20. A $4.00 bottle of wine is no longer “pretty good shit”.

21. You actually eat breakfast food at breakfast time.

22. “I just can’t drink the way I used to” replaces “I’m never going to drink that much again”.

23. 90% of the time you spend in front of a computer is for real work.

24. You drink at home to save money before going to a bar.

25. When you find out your friend is pregnant you congratulate them instead of asking, “Oh shit, what the hell happened?”
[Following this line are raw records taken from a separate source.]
Lemma ler_gsum f g : (forall i j, f i j <= g i j) -> gsum N h f <= gsum N h g.
Proof.
move=> fg; rewrite /gsum; apply: ler_wpM2l; first exact: sqr_ge0.
by apply: ler_sum => i _; apply: ler_sum.
Qed.

Lemma gsumD f g : gsum N h (fun i j => f i j + g i j) = gsum N h f + gsum N h g.
Proof.
rewrite /gsum -mulrDr -big_split; congr (_ * _).
by apply: eq_bigr => i _; rewrite big_split.
Qed.

Lemma gsumZ k f : gsum N h (fun i j => k * f i j) = k * gsum N h f.
Proof.
rewrite /gsum mulrCA; congr (_ * _).
by rewrite mulr_sumr; apply: eq_bigr => i _; rewrite mulr_sumr.
Qed.

Lemma gsumN f : gsum N h (fun i j => - f i j) = - gsum N h f.
Proof. by rewrite -mulN1r -gsumZ; apply: eq_gsum => i j; rewrite mulN1r. Qed.

Lemma convex_onD A E1 E2 : convex_on A E1 -> convex_on A E2 ->
  convex_on A (fun phi => E1 phi + E2 phi).
Proof.
move=> cE1 cE2 phi psi t Aphi Apsi t01.
by have := cE1 phi psi t Aphi Apsi t01; have := cE2 phi psi t Aphi Apsi t01; lra.
Qed.

Lemma convex_on_gsum A (F : grid R -> grid R) :
  (forall phi psi t, A phi -> A psi -> 0 <= t <= 1 -> forall i j,
     F (fun i j => t * phi i j + (1 - t) * psi i j) i j
     <= t * F phi i j + (1 - t) * F psi i j) ->
  convex_on A (fun phi => gsum N h (F phi)).
Proof.
move=> F_convex phi psi t Aphi Apsi t01.
by rewrite -!gsumZ -gsumD; apply: ler_gsum; apply: F_convex.
Qed.

Lemma convex_on_gsum_pointwise A D (f : R -> R) :
  (forall phi, A phi -> forall i j, D (phi i j)) -> convex_in D f ->
  convex_on A (fun phi => gsum N h (fun i j => f (phi i j))).
Proof.
move=> AD cf; apply: (@convex_on_gsum _ (fun phi i j => f (phi i j))).
by move=> phi psi t Aphi Apsi t01 i j; apply: cf t01; apply: AD.
Qed.

Lemma gradsqE phi i j : gradsq h phi i j =
  (Dx h phi i j ^+ 2 + Dx h phi (i - 1) j ^+ 2
   + Dy h phi i j ^+ 2 + Dy h phi i (j - 1) ^+ 2) / 2.
Proof. by rewrite /gradsq /ax /ay /sq; ring. Qed.

Lemma Dx_mix phi psi t i j :
  Dx h (fun i j => t * phi i j + (1 - t) * psi i j) i j
  = t * Dx h phi i j + (1 - t) * Dx h psi i j.
Proof. by rewrite /Dx; ring. Qed.

Lemma Dy_mix phi psi t i j :
  Dy h (fun i j => t * phi i j + (1 - t) * psi i j) i j
  = t * Dy h phi i j + (1 - t) * Dy h psi i j.
Proof. by rewrite /Dy; ring. Qed.

Lemma convex_on_gsum_weight_gradsq A D (g : R -> R) :
  (forall phi, A phi -> forall i j, D (phi i j)) -> convex_weight_sqr D g ->
  convex_on A (fun phi => gsum N h (fun i j => g (phi i j) * gradsq h phi i j)).
Proof.
move=> AD cg.
apply: (@convex_on_gsum _ (fun phi i j => g (phi i j) * gradsq h phi i j)).
move=> phi psi t Aphi Apsi t01 i j /=.
have c := cg t _ _ (AD _ Aphi i j) (AD _ Apsi i j) t01.
rewrite !gradsqE !Dx_mix !Dy_mix.
have := c (Dx h phi i j) (Dx h psi i j).
have := c (Dx h phi (i - 1) j) (Dx h psi (i - 1) j).
have := c (Dy h phi i j) (Dy h psi i j).
have := c (Dy h phi i (j - 1)) (Dy h psi i (j - 1)).
lra.
Qed.

End GridEnergies.

Section FloryHuggins.
Variable R : realType.
Variables (N1 N2 : R).
Hypotheses (N1_gt0 : 0 < N1) (N2_gt0 : 0 < N2).

Lemma tau_gt0 : 0 < tau N1 N2.
Proof. by rewrite mulr_gt0 // sqrtr_gt0 mulr_gt0 ?pi_gt0. Qed.

Lemma alpha_gt0 : 0 < alpha N1 N2.
Proof.
rewrite mulr_gt0 ?pi_gt0 // exprn_gt0 // ltr_wpDl ?sqrtr_ge0 //.
by rewrite divr_gt0.
Qed.

Lemma beta_gt0 : 0 < beta N1 N2.
Proof. by rewrite divr_gt0 ?alpha_gt0 // sqrtr_gt0 mulr_gt0 ?pi_gt0. Qed.

Lemma rho_gt1 : 1 < rho N1 N2.
Proof. by rewrite /rho ltrDl divr_gt0 ?tau_gt0. Qed.

Lemma rho_gt0 : 0 < rho N1 N2.
Proof. exact: lt_trans ltr01 rho_gt1. Qed.

Lemma lt_inv_rho_in01 x : 0 < x < 1 / rho N1 N2 -> 0 < x < 1.
Proof.
move=> /andP[x0 x1]; rewrite x0 (lt_le_trans x1) //.
by rewrite ler_pdivrMr ?rho_gt0 // mul1r ltW // rho_gt1.
Qed.

Lemma Sfun_convex : convex_in (fun x => 0 < x < 1 / rho N1 N2) (Sfun N1 N2).
Proof.
have -> : Sfun N1 N2 = fun p =>
    1 / tau N1 N2 * (p * ln (alpha N1 N2 / tau N1 N2 * p))
    + 1 / N1 * (p * ln (beta N1 N2 / tau N1 N2 * p))
    + (1 + - rho N1 N2 * p) * ln (1 * (1 + - rho N1 N2 * p)).
  apply/funext => p; rewrite /Sfun [1 * (1 + _)]mul1r [- rho _ _ * _]mulNr.
  by rewrite [alpha _ _ * p / _]mulrAC [beta _ _ * p / _]mulrAC; ring.
have xlnx c : 0 < c -> convex_in (fun x => 0 < x < 1 / rho N1 N2)
                                 (fun x => x * ln (c * x)).
  by move=> c0 a b t /andP[a0 _] /andP[b0 _]; apply: convex_in_xlnx.
apply: convex_inD; first apply: convex_inD.
- by apply: convex_inZ; rewrite ?divr_ge0 ?ltW ?tau_gt0 //; apply/xlnx/divr_gt0;
    rewrite ?alpha_gt0 ?tau_gt0.
- by apply: convex_inZ; rewrite ?divr_ge0 ?ltW //; apply/xlnx/divr_gt0;
    rewrite ?beta_gt0 ?tau_gt0.
- apply: (convex_in_comp_affine (c := 1) (d := - rho N1 N2) (convex_in_xlnx ltr01)).
  by move=> x /andP[_ x1]; rewrite mulNr subr_gt0 -ltr_pdivlMl ?rho_gt0 // mulr1 -div1r.
Qed.

Lemma Hfun_concave {D : R -> Prop} chi : 0 <= chi ->
  convex_in D (fun x => - Hfun N1 N2 chi x).
Proof.
move=> chi0 a b t _ _ /andP[t0 t1].
have t_1t : 0 <= t * (1 - t) by rewrite mulr_ge0 ?subr_ge0.
have := mulr_ge0 (mulr_ge0 (mulr_ge0 chi0 (ltW rho_gt0)) t_1t) (sqr_ge0 (a - b)).
by rewrite /Hfun; lra.
Qed.

End FloryHuggins.

Lemma Fen_decomposition (R : realType) (N1 N2 chi : R) (N : nat) (h : R) (phi : grid R) :
  Fen N1 N2 chi N h phi = Fc N1 N2 N h phi - Fe N1 N2 chi N h phi.
Proof.
rewrite /Fen /Fc /Fe /FS /FK1 /FK2 /gradnorm2 -gsumZ opprK -!gsumD.
by apply: eq_gsum => i j; ring.
Qed.

Theorem lemma3p2 (R : realType) (L : R) (N : nat) (N1 N2 chi : R) :
  0 < L -> (0 < N)%N -> 0 < N1 -> 0 < N2 -> 0 < chi ->
  let h := L / N%:R in
  (forall phi : grid R, admissible N1 N2 N phi ->
     Fen N1 N2 chi N h phi = Fc N1 N2 N h phi - Fe N1 N2 chi N h phi /\
     Fc N1 N2 N h phi - Fe N1 N2 chi N h phi
       = FS N1 N2 N h phi + FK1 N h phi + FK2 N h phi - FH N1 N2 chi N h phi) /\
  convex_on (admissible N1 N2 N) (Fc N1 N2 N h) /\
  convex_on (admissible N1 N2 N) (Fe N1 N2 chi N h) /\
  convex_on (admissible N1 N2 N) (FS N1 N2 N h) /\
  convex_on (admissible N1 N2 N) (FK1 N h) /\
  convex_on (admissible N1 N2 N) (FK2 N h) /\
  convex_on (admissible N1 N2 N) (FH N1 N2 chi N h).
Proof.
move=> _ _ N1_gt0 N2_gt0 chi_gt0 h.
have values_admissible phi : admissible N1 N2 N phi ->
  forall i j, 0 < phi i j < 1 / rho N1 N2 by case.
have values_in01 phi : admissible N1 N2 N phi -> forall i j, 0 < phi i j < 1.
  by move=> /values_admissible adm i j; apply: (lt_inv_rho_in01 N1_gt0 N2_gt0).
have cFS : convex_on (admissible N1 N2 N) (FS N1 N2 N h).
  exact (convex_on_gsum_pointwise N h values_admissible
           (Sfun_convex N1_gt0 N2_gt0)).
have cFe : convex_on (admissible N1 N2 N) (Fe N1 N2 chi N h).
  have -> : Fe N1 N2 chi N h
            = fun phi => gsum N h (fun i j => - Hfun N1 N2 chi (phi i j)).
    by apply/funext => phi; rewrite gsumN.
  exact (convex_on_gsum_pointwise N h values_admissible
           (Hfun_concave (D := fun x => 0 < x < 1 / rho N1 N2)
                         N1_gt0 N2_gt0 (ltW chi_gt0))).
have cFK1 : convex_on (admissible N1 N2 N) (FK1 N h).
  exact (convex_on_gsum_weight_gradsq N h values_in01 (@convex_weight_sqr_kappa R)).
have cFK2 : convex_on (admissible N1 N2 N) (FK2 N h).
  have -> : FK2 N h = fun phi => gsum N h (fun i j => 36^-1 * gradsq h phi i j).
    by apply/funext => phi; rewrite /FK2 /gradnorm2 div1r gsumZ.
  have c36 : (0 : R) < 36 by rewrite ltr0n.
  exact (convex_on_gsum_weight_gradsq N h values_in01
           (convex_weight_sqr_cst (D := fun x => 0 < x < 1) c36)).
have cFc : convex_on (admissible N1 N2 N) (Fc N1 N2 N h).
  by rewrite /Fc; apply: convex_onD => //; apply: convex_onD.
split; first by move=> phi _; split; [exact: Fen_decomposition | by []].
exact: (conj cFc (conj cFe (conj cFS (conj cFK1 (conj cFK2 cFe))))).
Qed.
What do you think? Is that you ?

47 thoughts on “25 signs that you have grown up

  1. great list!

    here’s the version i use:

    1. In a hostage situation, you are likely to be released first.
    2. It’s harder and harder for sexual harassment charges to stick.
    3. Kidnappers are not very interested in you.
    4. No one expects you to run into a burning building.
    5. People call at 9 p.m. and ask, “Did I wake you?”
    6. People no longer view you as a hypochondriac.
    7. There’s nothing left to learn the hard way.
    8. Things you buy now won’t wear out.
    9. You buy a compass for the dash of your car.
    10. You can eat dinner at 4:00.
    11. You can live without sex but not without glasses.
    12. You can’t remember the last time you laid on the floor to watch television.
    13. You consider coffee one of the most important things in life.
    14. You constantly talk about the price of gasoline.
    15. You enjoy hearing about other people’s operations.
    16. You get into a heated argument about pension plans.
    17. You got cable for the weather channel.
    18. You have a party and the neighbors don’t even realize it.
    19. You no longer think of speed limits as a challenge.
    20. You quit trying to hold your stomach in, no matter who walks into the room.
    21. You send money to PBS.
    22. You sing along with the elevator music.
    23. You talk about “good grass” and you’re referring to someone’s lawn.
    24. Your arms are almost too short to read the newspaper.
    25. Your back goes out more than you do.
    26. Your ears are hairier than your head.
    27. Your eyes won’t get much worse.
    28. Your investment in health insurance is finally beginning to pay off.
    29. Your joints are more accurate than the National Weather Service.
    30. Your secrets are safe with your friends because they can’t remember them either.
    31. Your supply of brain cells is finally down to a manageable size.—–

  2. wow. only 5 and six don’t stick!
    at 24-years old i feel like a grandpa!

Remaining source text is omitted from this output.